(* Fix a time frame $t$ and a time slot $\tau\in\{tK,tK+1,\dots,tK+K-1\}$, and consider the setting described in the context, with all data fixed except the decision variables of the respective problem. Then each of the following four optimization problems is a convex optimization problem, i.e. its feasible set is convex and its objective function is convex on it. $\mathcal{P}_{5-1}$ (variables $y_i(\tau)\in[0,1]$, $i\in\mathcal I$; $b_i(\tau),f_i(\tau),z_i(\tau)$ fixed): minimize $\sum_{i\in\mathcal I}H_i(\tau)z_i(\tau)\sum_{m\in\mathcal M}\big(T^{ul}_{i,m}(\tau)+T^{ud}_{i,m}(\tau)\big)+E(\tau)\sum_{i\in\mathcal I}\sum_{m\in\mathcal M}z_i(\tau)\big(E^{ul}_{i,m}(\tau)+E^{ud}_{i,m}(\tau)\big)-V\sum_{i\in\mathcal I}A_i(\tau)$. $\mathcal{P}_{5-2}$ (variables $b_i(\tau)\in(0,1]$, $i\in\mathcal I$; $y_i(\tau),f_i(\tau),z_i(\tau)$ fixed): minimize $\sum_{i\in\mathcal I}H_i(\tau)z_i(\tau)\sum_{m\in\mathcal M}\big(T^{ul}_{i,m}(\tau)+T^{ofld}_{i,m}(\tau)\big)+E(\tau)\sum_{i\in\mathcal I}\sum_{m\in\mathcal M}z_i(\tau)\big(E^{ul}_{i,m}(\tau)+E^{ofld}_{i,m}(\tau)\big)$ subject to $\sum_{i\in\mathcal I}a_{i,m}(t)b_i(\tau)\le 1$ for all $m\in\mathcal M$. $\mathcal{P}_{5-3}$ (variables $f_i(\tau)\in(0,1]$, $i\in\mathcal I$; $y_i(\tau),b_i(\tau),z_i(\tau)$ fixed): minimize $\sum_{i\in\mathcal I}H_i(\tau)\Big(\sum_{m\in\mathcal M}T^{pl}_{i,m}(t)/K+z_i(\tau)\sum_{m\in\mathcal M}T^{ud}_{i,m}(\tau)+T^{exec}_i(\tau)\Big)+E(\tau)\sum_{i\in\mathcal I}\Big(\sum_{m\in\mathcal M}E^{pl}_{i,m}(t)/K+\sum_{m\in\mathcal M}z_i(\tau)E^{ud}_{i,m}(\tau)+E^{exec}_i(\tau)\Big)$ subject to $\sum_{i\in\mathcal I}a_{i,m}(t)f_i(\tau)\le 1$ for all $m\in\mathcal M$. $\mathcal{P}_{5-4}$ (variables $z_i(\tau)\in[0,1]$, $i\in\mathcal I$; $y_i(\tau),b_i(\tau),f_i(\tau)$ fixed): minimize $\sum_{i\in\mathcal I}H_i(\tau)\Big[z_i(\tau)\sum_{m\in\mathcal M}\big(T^{ul}_{i,m}(\tau)+T^{ud}_{i,m}(\tau)+T^{ofld}_{i,m}(\tau)\big)+T^{exec}_i(\tau)\Big]+E(\tau)\sum_{i\in\mathcal I}\Big[\sum_{m\in\mathcal M}z_i(\tau)\big(E^{ul}_{i,m}(\tau)+E^{ud}_{i,m}(\tau)+E^{ofld}_{i,m}(\tau)\big)+E^{exec}_i(\tau)\Big]-V\sum_{i\in\mathcal I}A_i(\tau)$.
   Context: Finite sets $\mathcal I$ (users, ''physical twins'') and $\mathcal M$ (edge servers). $K$ is a positive integer. Fixed nonnegative constants: queue backlogs $H_i(\tau)\ge0$ ($i\in\mathcal I$) and $E(\tau)\ge 0$; $V>0$. Fixed access indicators $a_{i,m}(t)\in\{0,1\}$ with $\sum_{m}a_{i,m}(t)\le 1$ for each $i$, and fixed granularities $x_i(t)\in[0,1]$. Positive constants: $D_i(t),S_i(\tau),\lambda_i(\tau),p_i,C_i,F_i,\rho_i$ for $i\in\mathcal I$; $C_m,F_m,\rho_m,B_m$ for $m\in\mathcal M$; $N_0>0$; distances $S_{i,m}(\tau)>0$; path-loss exponent $\theta\ge 2$; complex fading coefficients $h_{i,m}(\tau)$; a constant $g_i^{local}\in[0,1]$. The decision variables (when not optimized in the given problem they are fixed constants in the same ranges) are $y_i(\tau)\in[0,1]$, $b_i(\tau)\in(0,1]$, $f_i(\tau)\in(0,1]$, $z_i(\tau)\in[0,1]$. The quantity $f_i(tK)$ equals the variable $f_i(\tau)$ if $\tau=tK$, and is otherwise a fixed constant in $(0,1]$. Definitions: transmission rate $r_{i,m}(\tau)=a_{i,m}(t)b_i(\tau)B_m\log\!\Big(1+\frac{(S_{i,m}(\tau))^\theta p_i|h_{i,m}(\tau)|^2}{N_0 b_i(\tau)B_m}\Big)$; $T^{ul}_{i,m}(\tau)=\frac{y_i(\tau)S_i(\tau)}{r_{i,m}(\tau)}$, $E^{ul}_{i,m}(\tau)=p_iT^{ul}_{i,m}(\tau)$; $T^{ofld}_{i,m}(\tau)=\frac{\lambda_i(\tau)}{r_{i,m}(\tau)}$, $E^{ofld}_{i,m}(\tau)=p_iT^{ofld}_{i,m}(\tau)$; (convention: when $a_{i,m}(t)=0$, the terms $T^{ul}_{i,m},E^{ul}_{i,m},T^{ofld}_{i,m},E^{ofld}_{i,m}$ are taken to be $0$); $T^{ud}_{i,m}(\tau)=\frac{a_{i,m}(t)y_i(\tau)S_i(\tau)C_m}{f_i(\tau)F_m}$, $E^{ud}_{i,m}(\tau)=\rho_mf_i(\tau)F_m^3T^{ud}_{i,m}(\tau)$; $T^{pl}_{i,m}(t)=\frac{a_{i,m}(t)x_i(t)D_i(t)C_m}{f_i(tK)F_m}$, $E^{pl}_{i,m}(t)=\rho_mf_i(tK)F_m^3T^{pl}_{i,m}(t)$; $T^{exec}_i(\tau)=\sum_{m}a_{i,m}(t)z_i(\tau)\frac{\lambda_i(\tau)C_m}{f_i(\tau)F_m}+(1-z_i(\tau))\frac{\lambda_i(\tau)C_i}{F_i}$; $E^{exec}_i(\tau)=\sum_m a_{i,m}(t)z_i(\tau)\rho_mF_m^2\lambda_i(\tau)C_m+(1-z_i(\tau))\rho_iF_i^2\lambda_i(\tau)C_i$; accuracy $A_i(\tau)=z_i(\tau)g_i^{edge}(d_i(\tau))+(1-z_i(\tau))g_i^{local}$ with $d_i(\tau)=x_i(t)D_i(t)+y_i(\tau)S_i(\tau)$ and $g_i^{edge}(d)=1-\big(1-\frac{d}{D_i(t)+S_i(\tau)}\big)^2$. *)

From HB Require Import structures.
From mathcomp Require Import all_boot all_order all_algebra.
From mathcomp Require Import reals exp.
From mathcomp Require Import complex.
Set Implicit Arguments. Unset Strict Implicit. Unset Printing Implicit Defensive.
Import Order.TTheory GRing.Theory Num.Theory.
Local Open Scope ring_scope.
========
**Task brief**.
Your answer should consist only of the lines from the one with "From mathcomp Require Import complex." through the last line of the entries above, retyped exactly.

**Answer box**.
From mathcomp Require Import complex.
Set Implicit Arguments. Unset Strict Implicit. Unset Printing Implicit Defensive.
Import Order.TTheory GRing.Theory Num.Theory.
Local Open Scope ring_scope.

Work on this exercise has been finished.